*** Opening of SUPPLIED DATA ***

(* Let $P_n$ be a labeled path with ad-pattern $w=w_1\cdots w_{n-1}$. Suppose that at least one of the following holds: (i) $RT(P_n)$ contains a $(1,1,3)$ sub-ribbon, i.e. $w$ contains $ddaa$ as a factor (consecutive letters); (ii) $RT(P_n)$ begins with a $(1,3)$ sub-ribbon, i.e. $w$ begins with $daa$; (iii) $RT(P_n)$ ends with a $(1,1,2)$ sub-ribbon, i.e. $w$ ends with $dda$. Then $X(P_n;\mathbf{x},q)$ is not symmetric.
   Context: A labeled path $P_n$ is the path graph with vertices $v_1,\dots,v_n$ (edges $v_iv_{i+1}$) where $v_i$ carries label $\sigma_i$ for a permutation $\sigma$ of $[n]$; vertices are identified with labels. A proper coloring is $c\colon[n]\to\{1,2,\dots\}$ with adjacent vertices colored differently; $\operatorname{asc}(c)=\#\{ij\in E: i<j,\ c(i)<c(j)\}$. The CQF is $X(P_n;\mathbf{x},q)=\sum_{c \text{ proper}} x_{c(1)}\cdots x_{c(n)}q^{\operatorname{asc}(c)}$; it is symmetric if each coefficient of $q^k$ is a symmetric function. The ad-pattern of $P_n$ is $w_1\cdots w_{n-1}$ with $w_i=a$ if $\sigma_i<\sigma_{i+1}$ and $w_i=d$ otherwise. The ribbon diagram $RT(P_n)$: start with box $1$, and for $i=1,\dots,n-1$ place box $i+1$ immediately right of box $i$ if $w_i=a$ and immediately above box $i$ if $w_i=d$. A $\beta$ sub-ribbon is a set of consecutive boxes whose shape is the ribbon with row lengths $\beta$ (bottom to top); a $(1,1,3)$ shape is a vertical column of three boxes whose top box is the leftmost of a row of three boxes. *)

From mathcomp Require Import all_boot all_fingroup.
Set Implicit Arguments. Unset Strict Implicit. Unset Printing Implicit Defensive.

(* Labels are 0..n-1 (order-preserving shift of 1..n).  A labeled path is given
   by sigma : 'S_n ; vertex v_(i+1) carries label sigma i. *)

Definition path_labels n (sigma : 'S_n) : seq 'I_n := [seq sigma i | i <- enum 'I_n].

*** Close of SUPPLIED DATA ***

WHAT THE TASK ASKS: Output only a verbatim copy of the lines spanning from the line that contains "by sigma : 'S_n" to the end of the records above.

WRITTEN ANSWER:
   by sigma : 'S_n ; vertex v_(i+1) carries label sigma i. *)

Definition path_labels n (sigma : 'S_n) : seq 'I_n := [seq sigma i | i <- enum 'I_n].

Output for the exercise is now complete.